For context, Thriva offers tests where you have to prick your own finger and bleed into a tube. Turns out our customers felt anxiety about this before purchase. We can only imagine the anxiety the non-customers felt.Brainstorm the anxiety
Write those anxieties on a whiteboard and work out ways to answer them in ads.
We had the idea to visually show people doing the test without being in pain.Produce content insanely quickly
No matter how good your insight, ads will always surprise you. You can get 50% of the way there with logic, but the 100% needle movers are often illogical.
So like with any growth experiment, you should build quickly.
We went from insight to live ad in one day. We used my Google Pixel on a tripod. Asked people in the office. Shot it. Edited it in iMovie, and later that day it was on Facebook.
How the ad performed
It’s important to note, that we only ever saw this as a retargeting ad.
Entirely by mistake, I put it into both prospecting and retargeting. By that evening, we saw some decent numbers roll in to our sales channel on Slack.

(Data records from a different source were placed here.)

(* Let $\psi\in\mathcal K$ have radius of convergence $R_\psi>0$ and Khinchin family $(Y_t)$. For $t\in(0,R_\psi)$ let $q(t)$ be the extinction probability of the Galton–Watson process with offspring distribution $Y_t$, and $q(0)=1$. Then $q$ is continuous on $[0,R_\psi)$.
   Context: $\mathcal K$ is the class of non-constant power series $f(z)=\sum_{n\ge0}a_nz^n$ with positive radius of convergence $R$, non-negative coefficients and $a_0>0$; its Khinchin family $(X_t)_{t\in[0,R)}$ is given by $\mathbf P(X_t=n)=a_nt^n/f(t)$ for $n\ge0$, $t\in(0,R)$, and $X_0\equiv0$ (so the process with offspring $Y_0$ is a single node and goes extinct, consistently with $q(0)=1$). The extinction probability is the probability that the Galton–Watson tree is finite. *)

From HB Require Import structures.
From mathcomp Require Import all_boot all_order all_algebra.
From mathcomp Require Import all_classical all_reals all_analysis.
Set Implicit Arguments. Unset Strict Implicit. Unset Printing Implicit Defensive.
Import Order.TTheory GRing.Theory Num.Theory.
Import numFieldNormedType.Exports.
Local Open Scope classical_set_scope.
Local Open Scope ring_scope.

Section Defs.
Variable R : realType.

(* The class K: non-constant power series, nonnegative coefficients, a_0 > 0
   (positive ps_radius of convergence is a separate hypothesis). *)
Definition in_K (a : nat -> R) : Prop :=
  [/\ forall n, 0 <= a n, 0 < a 0%N & exists n, (0 < n)%N /\ 0 < a n].

(* ps_radius of convergence (restricted to nonnegative reals, which suffices
   since coefficients are nonnegative), as an extended real *)
Definition ps_radius (a : nat -> R) : \bar R :=
  ereal_sup [set t%:E | t in
     [set t : R | 0 <= t /\ cvgn (series (fun n => a n * t ^+ n)) ]].
(* Let $t,t'\in B_n$ with $t\neq t'$ and let $G$ be a digraph such that $\mathbb{A}(G)$ satisfies $t\approx t'$. Let $K$ be a nontrivial strongly connected component of $G$ that is a whirl, and let $u,w$ be vertices in the same block of $K$. If $u\to v_0\to v_1\to\dots\to v_{Z_{t,t'}}$ is a walk in $G$, then $(w,v_0)$ is an edge of $G$. Consequently, $Z_G<Z_{t,t'}$.
   Context: Digraphs $G=(V,E)$ have $E\subseteq V\times V$, loops allowed, possibly infinite. $\mathbb{A}(G)$ is the groupoid on $V\cup\{\infty\}$ with $xy=x$ if $x,y\in V$, $(x,y)\in E$, and $xy=\infty$ otherwise. $B_n$: binary terms with $x_1,\dots,x_n$ each occurring once in this order; $G(t)$: rooted tree defined by $G(x_i)$ a single vertex and $G(t_1t_2)=G(t_1)\cup G(t_2)$ plus an edge from the leftmost variable of $t_1$ to that of $t_2$; root $x_1$. $T_x$ is the rooted induced subtree of $x$ and its descendants, $h$ is height. With $T=G(t)$, $T'=G(t')$: $Z_{t,t'}$ is the smallest $m\ge0$ such that some $x$ has $T_x=T'_x$, $h(T_x)=m$, and different parents in $T$ and $T'$. A strongly connected component (SCC) is trivial if it is a single vertex without a loop, nontrivial otherwise. For $m\ge1$, an $m$-whirl is a digraph whose vertex set is partitioned into nonempty blocks $B_0,\dots,B_{m-1}$ (indices mod $m$) with edge set exactly $\bigcup_iB_i\times B_{i+1}$. $Z_G$ is the largest $m\ge0$ such that some SCC that is a whirl has a block containing vertices $u,w$ with a walk $u\to v_0\to\dots\to v_m$ and $(w,v_0)\notin E$ ($\infty$ if unbounded, $-\infty$ if no such $m$). *)

From mathcomp Require Import all_boot.
Set Implicit Arguments. Unset Strict Implicit. Unset Printing Implicit Defensive.

(* Variables x_1, ..., x_n are encoded as Var 0, ..., Var (n-1). *)
Inductive term := Var of nat | App of term & term.

Fixpoint vars (t : term) : seq nat :=
  match t with Var i => [:: i] | App t1 t2 => vars t1 ++ vars t2 end.

Definition inB (n : nat) (t : term) : Prop := vars t = iota 0 n.

Fixpoint lm (t : term) : nat :=
  match t with Var i => i | App t1 _ => lm t1 end.

(* edge list of the rooted tree G(t) (edges directed away from the root) *)
Fixpoint tedges (t : term) : seq (nat * nat) :=
  match t with
  | Var _ => [::]
  | App t1 t2 => (lm t1, lm t2) :: (tedges t1 ++ tedges t2)
  end.

Definition tedge (t : term) (x y : nat) : Prop := (x, y) \in tedges t.

Inductive desc (t : term) (x : nat) : nat -> Prop :=
| desc_refl : desc t x x
| desc_step y z : desc t x y -> tedge t y z -> desc t x z.

Fixpoint tpath (t : term) (x k : nat) : Prop :=
  match k with
  | 0 => True
  | k'.+1 => exists y, tedge t x y /\ tpath t y k'
  end.

Definition height (t : term) (x m : nat) : Prop :=
  tpath t x m /\ ~ tpath t x m.+1.

Definition subtree_eq (t t' : term) (x : nat) : Prop :=
  (forall y, desc t x y <-> desc t' x y) /\
  (forall y z, desc t x y -> desc t x z -> (tedge t y z <-> tedge t' y z)).

Definition diff_parents (t t' : term) (x : nat) : Prop :=
  exists p p', tedge t p x /\ tedge t' p' x /\ p <> p'.

Definition Zprop (t t' : term) (m : nat) : Prop :=
  exists x, subtree_eq t t' x /\ height t x m /\ diff_parents t t' x.

Definition IsZtt (t t' : term) (m : nat) : Prop :=
  Zprop t t' m /\ forall k, k < m -> ~ Zprop t t' k.

(* A digraph is a type V (possibly infinite) with an edge relation E. *)
(* A(G) has carrier option V, None standing for infinity. *)
Definition Aop (V : Type) (E : rel V) (x y : option V) : option V :=
  match x, y with
  | Some a, Some b => if E a b then Some a else None
  | _, _ => None
  end.

Fixpoint evalt (V : Type) (E : rel V) (a : nat -> option V) (t : term) : option V :=
  match t with
  | Var i => a i
  | App t1 t2 => Aop E (evalt E a t1) (evalt E a t2)
  end.

Definition satisfies (V : Type) (E : rel V) (t t' : term) : Prop :=
  forall a : nat -> option V, evalt E a t = evalt E a t'.

Inductive reach (V : Type) (E : rel V) (u : V) : V -> Prop :=
| reach_refl : reach E u u
| reach_step v w : reach E u v -> E v w -> reach E u w.

Definition isSCC (V : Type) (E : rel V) (K : V -> Prop) : Prop :=
  exists v, forall u, K u <-> (reach E v u /\ reach E u v).

Definition nontrivialSCC (V : Type) (E : rel V) (K : V -> Prop) : Prop :=
  ~ (exists v, (forall u, K u <-> u = v) /\ ~~ E v v).

(* the induced subgraph on K is an m-whirl with block function blk
   (block B_i = {u in K | blk u = i}) *)
Definition whirl (V : Type) (E : rel V) (K : V -> Prop) (m : nat) (blk : V -> nat) : Prop :=
  0 < m /\
  (forall u, K u -> blk u < m) /\
  (forall i, i < m -> exists u, K u /\ blk u = i) /\
  (forall u v, K u -> K v -> (E u v <-> blk v = (blk u).+1 %% m)).

Definition walk (V : Type) (E : rel V) (u : V) (v : nat -> V) (m : nat) : Prop :=
  E u (v 0) /\ forall i, i < m -> E (v i) (v i.+1).

Definition ZGprop (V : Type) (E : rel V) (m : nat) : Prop :=
  exists (K : V -> Prop) (k : nat) (blk : V -> nat) (u w : V) (v : nat -> V),
    isSCC E K /\ whirl E K k blk /\ K u /\ K w /\ blk u = blk w /\
    walk E u v m /\ ~~ E w (v 0).

Inductive extnat := NegInf | Fin of nat | PosInf.

Definition ext_lt (a b : extnat) : Prop :=
  match a, b with
  | NegInf, NegInf => False
  | NegInf, _ => True
  | Fin x, Fin y => x < y
  | Fin _, PosInf => True
  | _, _ => False
  end.

Definition IsZG (V : Type) (E : rel V) (z : extnat) : Prop :=
  match z with
  | NegInf => forall m, ~ ZGprop E m
  | Fin n => ZGprop E n /\ forall m, ZGprop E m -> m <= n
  | PosInf => forall k, exists m, k <= m /\ ZGprop E m
  end.

From mathcomp Require Import all_boot zify.
From Stdlib Require ClassicalEpsilon.
Set Implicit Arguments. Unset Strict Implicit.

(* Evaluating [t] in A(G) at an assignment of vertices yields a vertex exactly
   when the assignment is a homomorphism from the tree G(t) to G; hence an
   identity t ~ t' of A(G) says that every homomorphism G(t) -> G is also a
   homomorphism G(t') -> G.  Let x be the vertex witnessing Z = Z_{t,t'}, with
   parents p in G(t) and p' in G(t').  Colouring G(t) by depth modulo the
   period of a whirl shows that p and p' have congruent depths.  Now map the
   subtree T_x (of height Z) along the walk v_0 -> ... -> v_Z, send p to u and
   the rest of G(t) into the whirl by depth, with p' sent to w, which lies in
   the block of u.  This is a homomorphism from G(t), hence from G(t'), whose
   edge p' -> x gives the edge w -> v_0. *)

Definition tree_hom (V : Type) (E : rel V) (f : nat -> V) (t : term) : bool :=
  all (fun e => E (f e.1) (f e.2)) (tedges t).

Lemma tree_homP (V : Type) (E : rel V) (f : nat -> V) (t : term) :
  reflect (forall y z, tedge t y z -> E (f y) (f z)) (tree_hom E f t).
Proof. by apply: (iffP allP) => [h y z /h | h [y z] /h]. Qed.

Lemma evalt_Some (V : Type) (E : rel V) (f : nat -> V) (t : term) :
  evalt E (fun i => Some (f i)) t =
  if tree_hom E f t then Some (f (lm t)) else None.
Proof.
rewrite /tree_hom; elim: t => [i|t1 IH1 t2 IH2] //=.
rewrite IH1 IH2 all_cat.
by case: (all _ (tedges t1)); case: (all _ (tedges t2)); rewrite /= ?andbF //; case: (E _ _).
Qed.

Lemma satisfies_tree_hom (V : Type) (E : rel V) (t t' : term) (f : nat -> V) :
  satisfies E t t' -> tree_hom E f t -> tree_hom E f t'.
Proof.
move=> sat hom; have := sat (fun i => Some (f i)).
by rewrite !evalt_Some hom; case: tree_hom.
Qed.

Lemma inB_uniq (n : nat) (t : term) : inB n t -> uniq (vars t).
Proof. by move->; apply: iota_uniq. Qed.

Lemma lm_vars (t : term) : lm t \in vars t.
Proof. by elim: t => [i|t1 IH1 t2 IH2] /=; rewrite ?inE ?mem_cat ?IH1. Qed.

Lemma uniq_vars_App (t1 t2 : term) : uniq (vars (App t1 t2)) ->
  [/\ uniq (vars t1), uniq (vars t2) & forall y, y \in vars t1 -> y \notin vars t2].
Proof.
rewrite /= cat_uniq => /and3P [u1 /hasPn dis u2]; split=> // y y1.
by apply: contraL y1 => /dis.
Qed.

Lemma tedges_vars (t : term) (y z : nat) : uniq (vars t) -> (y, z) \in tedges t ->
  [/\ y \in vars t, z \in vars t & z != lm t].
Proof.
elim: t y z => [//|t1 IH1 t2 IH2] y z /uniq_vars_App [u1 u2 dis] /=.
rewrite inE !mem_cat; case/or3P => [/eqP [-> ->]|/(IH1 _ _ u1) [-> -> //]|].
  rewrite !lm_vars orbT; split=> //; apply/eqP => e.
  by move: (dis _ (lm_vars t1)); rewrite -e lm_vars.
move/(IH2 _ _ u2) => [-> z2 _]; rewrite z2 !orbT; split=> //; apply/eqP => e.
by move: (dis _ (lm_vars t1)); rewrite -e z2.
Qed.

Lemma tedges_parent_unique (t : term) (y y' z : nat) : uniq (vars t) ->
  (y, z) \in tedges t -> (y', z) \in tedges t -> y = y'.
Proof.
elim: t y y' z => [//|t1 IH1 t2 IH2] y y' z U; have [u1 u2 dis] := uniq_vars_App U.
have dis2 a : a \in vars t2 -> a \notin vars t1 by apply: contraL => /dis.
suff edgeE a : (a, z) \in tedges (App t1 t2) -> if z \in vars t1 then is_true ((a, z) \in tedges t1)
    else if z == lm t2 then a = lm t1 else (a, z) \in tedges t2.
  move=> /edgeE e /edgeE e'; case: ifP e e' => _; first exact: IH1.
  by case: ifP => _ e e'; [rewrite e e' | apply: IH2 e e'].
rewrite /= inE mem_cat => /or3P [/eqP [-> ->]|e|e].
- by rewrite (negPf (dis2 _ (lm_vars t2))) eqxx.
- by have [_ -> _] := tedges_vars u1 e.
- have [_ z2 nz] := tedges_vars u2 e.
  by rewrite (negPf (dis2 _ z2)) (negPf nz).
Qed.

I’ve always measured ad success in two stages:
Can it beat the previous best ad creative in an AB test
Can it sustain for a long period of time
This won on both counts and we ran this as the hero winner for a long period of time.
Why it worked creatively
It tells a story
In our first act, we meet a group of people on an adventure to do something – we’re not sure what it is yet, but soon learn it’s doing a finger-prick blood test.

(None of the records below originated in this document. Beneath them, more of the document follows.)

Lemma val_extra (j : J) (a : 'I_m) :
  j < k -> (extra j a : nat) = m + j * (m - 1) + a.-1.
Proof.
move=> lt_jk; rewrite val_insubd ifT // n_def; have := ltn_ord a.
have : j * (m - 1) + (m - 1) <= k * (m - 1) by rewrite -mulSnr leq_mul2r lt_jk orbT.
lia.
Qed.

Lemma extra_stateK (j : J) (a : 'I_m) : j < k -> 0 < a -> extra_state (extra j a) = j.
Proof.
move=> lt_jk a_gt0; apply: ord_inj; rewrite /extra_state val_extra // -addnA addKn.
rewrite divnMDl ?subn_gt0 // divn_small ?addn0 ?inord_val //.
by have := ltn_ord a; lia.
Qed.

Lemma extra_letterK (j : J) (a : 'I_m) : j < k -> 0 < a -> extra_letter (extra j a) = a.
Proof.
move=> lt_jk a_gt0; apply: ord_inj; rewrite /extra_letter val_extra // -addnA addKn.
by rewrite modnMDl modn_small ?prednK ?val_insubd ?ltn_ord //; have := ltn_ord a; lia.
Qed.

Lemma val_extra_letter (b : 'I_n) : (extra_letter b : nat) = ((b - m) %% (m - 1)).+1.
Proof.
rewrite val_insubd ifT //; have := @ltn_pmod (b - m) (m - 1).
by rewrite subn_gt0 => /(_ m_gt1); lia.
Qed.

Lemma extra_state_div_lt (b : 'I_n) : (b - m) %/ (m - 1) < k.
Proof.
rewrite ltn_divLR ?subn_gt0 //; have := ltn_ord b.
have : 0 < k * (m - 1) by rewrite muln_gt0 k_gt0 subn_gt0.
lia.
Qed.

Lemma val_extra_state (b : 'I_n) : (extra_state b : nat) = (b - m) %/ (m - 1).
Proof. by rewrite inordK // ltnW // ltnS extra_state_div_lt. Qed.

Lemma extra_state_lt (b : 'I_n) : extra_state b < k.
Proof. by rewrite val_extra_state extra_state_div_lt. Qed.

Lemma extra_letterKV (b : 'I_n) : m <= b -> extra (extra_state b) (extra_letter b) = b.
Proof.
move=> le_mb; apply: ord_inj; rewrite val_extra ?extra_state_lt // val_extra_letter.
by rewrite val_extra_state /=; have := divn_eq (b - m) (m - 1); lia.
Qed.

Definition step (x : mstate) : 'I_m * mstate :=
  let: (j, y) := x in
  if 0 < (j : nat) then (zero_m, (inord j.-1, y))
  else if (y 0 : nat) < m then (insubd zero_m (y 0 : nat), (ord_max, drop_inf 1 y))
  else (extra_letter (y 0), (extra_state (y 0), drop_inf 1 y)).

Definition transition (a : 'I_m) (j : J) : J * seq 'I_n :=
  if j == ord_max then (ord0, [:: plain a])
  else if (a : nat) == 0 then (inord j.+1, [::])
  else (ord0, [:: extra j a]).

Definition unstep (a : 'I_m) (x : mstate) : mstate :=
  let: (j', e) := transition a x.1 in (j', cat_inf e x.2).

Definition unstep_word (a : 'I_m) (x : J * seq 'I_n) : J * seq 'I_n :=
  let: (j', e) := transition a x.1 in (j', e ++ x.2).

Lemma lt_ord_max (j : J) : j != ord_max -> j < k.
Proof.
move=> ne; rewrite ltn_neqAle -ltnS ltn_ord andbT.
by apply: contra ne => /eqP e; apply/eqP/ord_inj.
Qed.

Lemma step_unstep a x : step (unstep a x) = (a, x).
Proof.
case: x => j y; rewrite /unstep /transition /=.
have [->|ne] := eqVneq j ord_max.
  by rewrite /= cat_inf_cons cat_inf0 /= ltn_ord valKd.
have lt_jk := lt_ord_max ne.
have [a0 | a_gt0] := eqVneq (a : nat) 0; rewrite /=.
  by rewrite inordK ?ltnS //= inord_val cat_inf0; congr (_, _); apply: ord_inj; rewrite a0.
rewrite cat_inf_cons cat_inf0 /= ltnNge.
have -> : m <= extra j a by rewrite val_extra // -addnA leq_addr.
by rewrite extra_letterK ?lt0n // extra_stateK ?lt0n.
Qed.

Lemma unstep_step x : unstep (step x).1 (step x).2 = x.
Proof.
case: x => j y; rewrite /step /unstep /transition.
have [j0 | j_gt0] := posnP j; last first.
  have e : ((inord j.-1 : J) : nat) = j.-1 by rewrite inordK //; have := ltn_ord j; lia.
  rewrite /= ifF; last first.
    by apply/negbTE/eqP => /(congr1 (@nat_of_ord _)); rewrite e /=; have := ltn_ord j; lia.
  by rewrite /= cat_inf0; congr (_, _); apply: ord_inj; rewrite inordK e prednK.
have -> : j = ord0 by exact: ord_inj.
have [lt_y0m | le_my0] := ltnP (y 0) m.
  rewrite eqxx /= cat_inf_cons cat_inf0 -[in RHS](cons_drop_inf y); congr (_, cons_inf _ _).
  by apply: ord_inj; rewrite /= val_insubd lt_y0m.
have ne : extra_state (y 0) != ord_max by rewrite -val_eqE /= neq_ltn extra_state_lt.
rewrite (negbTE ne) val_extra_letter /= cat_inf_cons cat_inf0 extra_letterKV //.
by rewrite cons_drop_inf.
Qed.

Definition enc_word (w : seq 'I_m) (j : J) := foldr unstep_word (j, [::]) w.

Lemma enc_cat_inf w j y :
  enc unstep w (j, y) = ((enc_word w j).1, cat_inf (enc_word w j).2 y).
Proof.
rewrite /enc /enc_word -[y in LHS]cat_inf0; elim: w => [|a w IH] //=.
rewrite IH /unstep /unstep_word /=.
by case: transition => j' e; rewrite cat_inf_cat.
Qed.

Definition base_state : mstate := (ord0, const_inf m_n).

Lemma step_base_state : step base_state = (one_m, base_state).
Proof.
rewrite /step /= ltnn; congr (_, (_, _)); apply: ord_inj.
  by rewrite val_extra_letter /= subnn mod0n.
by rewrite val_extra_state /= subnn div0n.
Qed.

Our second act shows our heroes hitting an obstacle. They have to overcome their own fear.
In our final act, we get resolve. They have beaten their fear, and are on to the next part of their adventure.It makes you laugh and surprises you
Ads that make you happy or surprise you are more effective than ads that prompt negative emotions.
This made people laugh. One of our colleagues fell over in mock pain during filming. It was ad lib, meant as a joke for all of us, but we kept it in. There was plenty of downside risk to this – but it turns out it was the funniest part of the ad.It feels native (long before UGC was a thing)
This was 2017. The UGC/influencer boom was years off. But the fact it was shot on a phone, was super low fidelity, half the people were out of focus, and the other half had muffled audio, kind of worked.
It’s fast-paced, with quick edits
Again, the pace of the edits here is reminiscent of a load of ads you see today. While I think this trend is starting to retreat, at the time this was different and captured attention.It piques curiosity
Intrigue is important – so long as it pays off. A lot of ads go wrong today because they leave too much to the imagination. But if you pique curiosity, and then tie it all together. That’s impactful.
A lot of this was counter-intuitive.
All the logic at the time stated you had to show the brand in the first few seconds. We didn’t.
Logic implied we shouldn’t highlight potentially negative attribute. We did.
And there was no reason it on paper should work with a cold, unengaged audience. But again, it did.
Anyone who has read Rory Sutherland’s Alchemy, will know that big ideas are often ones that on paper shouldn’t work. We had landed on one here.
Today, the creative execution of this ad would be different – but the strategy is one we use with our clients today.
The best marketers are inherently curious. Asking why something happens, rather than just accepting it. Turning curiosity into a desire to understand your customers becomes a competitive advantage.